#                       TEXT CLEANING

## Step 1. Look at the data
Look into the text for therein resides a world of data to be analysed and cleaned before using it for training. In text data, the usual check is done for :
* Spelling mistakes
* Commas(,), Apostrophes('), Quotes(""), Question Marks(?), etc.,
* Stopwords ie words that connect two sentences and such.

## Step 2. Normalize Whitespace, Punctuation, Case

### 2.1 MANUAL

#### 2.1.1 Load Data

In [1]:
filename = 'metamor.txt'
file = open(filename,'rt')
text = file.read()
file.close()

#### 2.1.2 Tokenization

##### Split by Whitespace

In [2]:
words1 = text.split()
print(words1[0:5])

['One', 'morning,', 'when', 'Gregor', 'Samsa']


##### Split by Words

In [3]:
import re
words2 = re.split(r'\W+',text)
print(words2[0:5])

['One', 'morning', 'when', 'Gregor', 'Samsa']


##### Remove Punctuations

In [4]:
import string

words3 = text.split()
table = str.maketrans('','',string.punctuation)
stripped = [w.translate(table) for w in words3]
print(words3[0:5])
print(stripped[0:5])

['One', 'morning,', 'when', 'Gregor', 'Samsa']
['One', 'morning', 'when', 'Gregor', 'Samsa']


#### 2.1.3 Capitalization

In [5]:
words4 = text.split()
words4 = [word.lower() for word in words4]
print(words4[0:5])

['one', 'morning,', 'when', 'gregor', 'samsa']


### 2.2 NLTK

#### 2.2.1 Load Data

In [6]:
filename = 'metamor.txt'
file = open(filename,'rt')
text = file.read()
file.close()

##### Split by Words

In [7]:
from nltk.tokenize import word_tokenize
tokens1 = word_tokenize(text)
print(tokens1[0:5])

['One', 'morning', ',', 'when', 'Gregor']


##### Split by Sentences

In [8]:
from nltk import sent_tokenize
sentences = sent_tokenize(text)
print(sentences[0:2])

['One morning, when Gregor Samsa woke from troubled dreams, he found\nhimself transformed in his bed into a horrible vermin.', 'He lay on\nhis armour-like back, and if he lifted his head a little he could\nsee his brown belly, slightly domed and divided by arches into stiff\nsections.']


#### 2.2.3 Filtering Punctuation

In [9]:
from nltk.tokenize import word_tokenize
tokens2 = word_tokenize(text)
words = [word for word in tokens2 if word.isalpha()]
print(words[0:5])

['One', 'morning', 'when', 'Gregor', 'Samsa']
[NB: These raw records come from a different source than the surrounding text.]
(* $\mathsf{Distinctness}\in\mathsf{dMAM}[O(\log n)]$, where in $\mathsf{Distinctness}$ each node $u$ of the $n$-node communication graph holds a value $a_u\in\{0,1\}^{c\log n}$ (for a fixed constant $c$) and the instance is in the language iff $a_u\neq a_v$ for all distinct nodes $u\neq v$.
   Context: Distributed interactive proofs (model). An instance consists of a connected communication graph $G=(V,E)$ with $|V|=n$, where each node has a unique identifier of $O(\log n)$ bits, knows $n$, knows its own identifier, its local input (if the problem has local inputs), and the identifiers of its neighbours (with an arbitrary port numbering of its incident edges). A prover, who sees the whole instance, interacts with all nodes in $r$ alternating messages. In a verifier (node) message each node independently samples fresh uniformly random bits and sends them to the prover (public coins). In a prover message the prover sends each node a string. Nodes may additionally exchange the strings they received from the prover with their neighbours in $G$. At the end each node deterministically accepts or rejects as a function of its local information, its own random bits, the strings it received from the prover and those its neighbours received; the instance is accepted iff all nodes accept. The proof size is the maximum number of bits in any single message between the prover and any node. A language $\mathcal L$ (set of instances) is in $\mathsf{dIP}[r,\ell]$ if there is an $r$-message protocol of proof size $\ell=\ell(n)$ such that (completeness) for every instance in $\mathcal L$ some prover makes all nodes accept with probability $>2/3$, and (soundness) for every instance not in $\mathcal L$ and every prover, all nodes accept with probability $<1/3$ (probabilities over the nodes' coins). $\mathsf{dAM}[\ell]$, $\mathsf{dMAM}[\ell]$, $\mathsf{dAMAM}[\ell]$, $\mathsf{dMAMAM}[\ell]$ denote the cases of 2, 3, 4, 5 messages, where the letters indicate who sends each message in order (A = nodes send random coins, M = prover). *)

From mathcomp Require Import all_boot.
Set Implicit Arguments. Unset Strict Implicit. Unset Printing Implicit Defensive.

Definition bits := seq bool.

Record instance (X : nat -> Type) := Inst {
  inst_n : nat;
  inst_adj : rel 'I_inst_n;
  inst_id : 'I_inst_n -> nat;
  inst_input : 'I_inst_n -> X inst_n }.
Arguments inst_n {X} i.
Arguments inst_adj {X} i.
Arguments inst_id {X} i.
Arguments inst_input {X} i.

Definition idbits (kid n : nat) : nat := kid * (trunc_log 2 n).+1.

Definition wf_instance (X : nat -> Type) (kid : nat) (I : instance X) : Prop :=
  [/\ symmetric (inst_adj I), irreflexive (inst_adj I),
      (forall u v, connect (inst_adj I) u v),
      injective (inst_id I) &
      (forall u, inst_id I u < 2 ^ idbits kid (inst_n I))].

(* a port numbering: for every node, a duplicate-free list of its neighbours
   (port i of u leads to the i-th element of the list) *)
Definition port_numbering (X : nat -> Type) (I : instance X)
  (ports : 'I_(inst_n I) -> seq 'I_(inst_n I)) : Prop :=
  forall u, uniq (ports u) /\ (forall v, (v \in ports u) = inst_adj I u v).

(* Decision function of a node in a 3-message (M A M) protocol, knowing n:
   own identifier, own input, own random bits, own two prover strings,
   and, in port order, (identifier, first prover string, second prover string)
   of each neighbour. *)
Definition decision (X : nat -> Type) (rlen : nat -> nat) :=
  forall n : nat, nat -> X n -> (rlen n).-tuple bool -> bits -> bits ->
    seq (nat * bits * bits) -> bool.

Definition all_accept (X : nat -> Type) (rlen : nat -> nat) (dec : decision X rlen)
  (I : instance X) (ports : 'I_(inst_n I) -> seq 'I_(inst_n I))
  (P1 : 'I_(inst_n I) -> bits)
  (P2 : {ffun 'I_(inst_n I) -> (rlen (inst_n I)).-tuple bool} -> 'I_(inst_n I) -> bits)
  (r : {ffun 'I_(inst_n I) -> (rlen (inst_n I)).-tuple bool}) : bool :=
  [forall u, dec (inst_n I) (inst_id I u) (inst_input I u) (r u) (P1 u) (P2 r u)
               [seq (inst_id I v, P1 v, P2 r v) | v <- ports u]].

Definition n_accept (X : nat -> Type) (rlen : nat -> nat) (dec : decision X rlen)
  (I : instance X) (ports : 'I_(inst_n I) -> seq 'I_(inst_n I))
  (P1 : 'I_(inst_n I) -> bits)
  (P2 : {ffun 'I_(inst_n I) -> (rlen (inst_n I)).-tuple bool} -> 'I_(inst_n I) -> bits)
  : nat :=
  #|[pred r | all_accept dec ports P1 P2 r]|.

Definition n_coins (rlen : nat -> nat) (n : nat) : nat :=
  #|{ffun 'I_n -> (rlen n).-tuple bool}|.

(* L in dMAM[ell] (identifiers of kid*(log n + 1) bits). Probabilities:
   accept prob > 2/3  <->  3 * #accepting > 2 * #coins ;
   accept prob < 1/3  <->  3 * #accepting < #coins. *)
Definition dMAM (X : nat -> Type) (kid : nat) (L : instance X -> Prop)
  (ell : nat -> nat) : Prop :=
  exists (rlen : nat -> nat) (dec : decision X rlen),
    (forall n, rlen n <= ell n) /\
    forall (I : instance X), wf_instance kid I ->
    forall ports, port_numbering ports ->
      (L I -> exists (P1 : 'I_(inst_n I) -> bits)
                (P2 : {ffun 'I_(inst_n I) -> (rlen (inst_n I)).-tuple bool} ->
                      'I_(inst_n I) -> bits),
          (forall u, size (P1 u) <= ell (inst_n I)) /\
          (forall r u, size (P2 r u) <= ell (inst_n I)) /\
          2 * n_coins rlen (inst_n I) < 3 * n_accept dec ports P1 P2)
      /\
      (~ L I -> forall (P1 : 'I_(inst_n I) -> bits)
                  (P2 : {ffun 'I_(inst_n I) -> (rlen (inst_n I)).-tuple bool} ->
                        'I_(inst_n I) -> bits),
          3 * n_accept dec ports P1 P2 < n_coins rlen (inst_n I)).

Definition dMAM_Olog (X : nat -> Type) (kid : nat) (L : instance X -> Prop) : Prop :=
  exists (C : nat) (ell : nat -> nat),
    (forall n, ell n <= C * (trunc_log 2 n).+1) /\ dMAM kid L ell.

Definition dist_input (c : nat) (n : nat) : Type := (c * up_log 2 n).-tuple bool.

Definition distinctness (c : nat) (I : instance (dist_input c)) : Prop :=
  forall u v : 'I_(inst_n I), u != v -> inst_input I u != inst_input I v.

From mathcomp Require Import all_boot all_algebra finfield zify.
Set Implicit Arguments. Unset Strict Implicit. Unset Printing Implicit Defensive.
Import GRing.Theory.

(* Inputs are embedded in a field [F] with [2 ^ m > 3n] elements.
   The prover first sends every node a claimed BFS spanning tree (root, parent,
   depth) and a value [S_u]; honestly [S] maps each input to the input of next
   larger rank, cyclically.  Each node then tosses [m] coins; the root's coins
   give a point [x] of [F].  Finally the prover sends [x] and, for every node,
   the products of [x - a_w] and of [x - S_w] over its subtree; nodes check
   these products against their children's, and the root checks that the two
   totals agree.

   Soundness: an accepting run forces [prod_u (x - a_u) = prod_u (x - S_u)] at
   the root's coin (the subtree products telescope), while [S_u] has larger
   rank than [a_u] at every non-root node.  If two inputs coincide, the two
   polynomials therefore differ (a rearrangement increasing the rank at all
   points but one forces distinct values), so [x] is one of at most [n] roots,
   which happens with probability below 1/3.  Completeness: on distinct inputs
   the honest run fails only when [x] is one of the [n] inputs. *)

Fixpoint nat2bits (k x : nat) : bits :=
  if k is k'.+1 then odd x :: nat2bits k' x./2 else [::].

Fixpoint bits2nat (s : bits) : nat :=
  if s is b :: s' then b + (bits2nat s').*2 else 0.

Lemma size_nat2bits k x : size (nat2bits k x) = k.
Proof. by elim: k x => //= k IH x; rewrite IH. Qed.

Lemma nat2bitsK k x : x < 2 ^ k -> bits2nat (nat2bits k x) = x.
Proof.
elim: k x => [|k IH] x /=; first by rewrite expn0; case: x.
move=> hx; rewrite IH ?odd_double_half //.
by rewrite ltn_half_double -mul2n -expnS.
Qed.

Lemma bits2nat_lt s : bits2nat s < 2 ^ size s.
Proof.
elim: s => //= b s IH; rewrite expnS mul2n.
by case: b => /=; [rewrite add1n ltn_Sdouble | rewrite add0n ltn_double].
Qed.

Lemma bits2nat_inj s t : size s = size t -> bits2nat s = bits2nat t -> s = t.
Proof.
elim: s t => [|b s IH] [|b' t] //= [hs] h.
have eb : b = b'.
  by move: (congr1 odd h); rewrite !oddD !odd_double !oddb !addbF.
move: h; rewrite -eb => h; congr cons; apply: IH => //.
by apply: double_inj; apply/eqP; rewrite -(eqn_add2l b) h.
Qed.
## Step 3. Stopwords/Stemming

## 3.1 Filter out Stopwords and Pipelines

In [10]:
from nltk.corpus import stopwords
stop_words = stopwords.words('english')
print(stop_words)

['i', 'me', 'my', 'myself', 'we', 'our', 'ours', 'ourselves', 'you', "you're", "you've", "you'll", "you'd", 'your', 'yours', 'yourself', 'yourselves', 'he', 'him', 'his', 'himself', 'she', "she's", 'her', 'hers', 'herself', 'it', "it's", 'its', 'itself', 'they', 'them', 'their', 'theirs', 'themselves', 'what', 'which', 'who', 'whom', 'this', 'that', "that'll", 'these', 'those', 'am', 'is', 'are', 'was', 'were', 'be', 'been', 'being', 'have', 'has', 'had', 'having', 'do', 'does', 'did', 'doing', 'a', 'an', 'the', 'and', 'but', 'if', 'or', 'because', 'as', 'until', 'while', 'of', 'at', 'by', 'for', 'with', 'about', 'against', 'between', 'into', 'through', 'during', 'before', 'after', 'above', 'below', 'to', 'from', 'up', 'down', 'in', 'out', 'on', 'off', 'over', 'under', 'again', 'further', 'then', 'once', 'here', 'there', 'when', 'where', 'why', 'how', 'all', 'any', 'both', 'each', 'few', 'more', 'most', 'other', 'some', 'such', 'no', 'nor', 'not', 'only', 'own', 'same', 'so', 'than', '

### 3.1.1 Load Data

In [11]:
filename = 'metamor.txt'
file = open(filename,'rt')
text = file.read()
file.close()

### 3.1.2 Stopwords removal using nltk.corpus()

In [12]:
from nltk.tokenize import word_tokenize
tokens = word_tokenize(text)
tokens = [w.lower() for w in tokens]

import string
table = str.maketrans('','',string.punctuation)
stripped = [w.translate(table) for w in tokens]

words = [word for word in stripped if word.isalpha()]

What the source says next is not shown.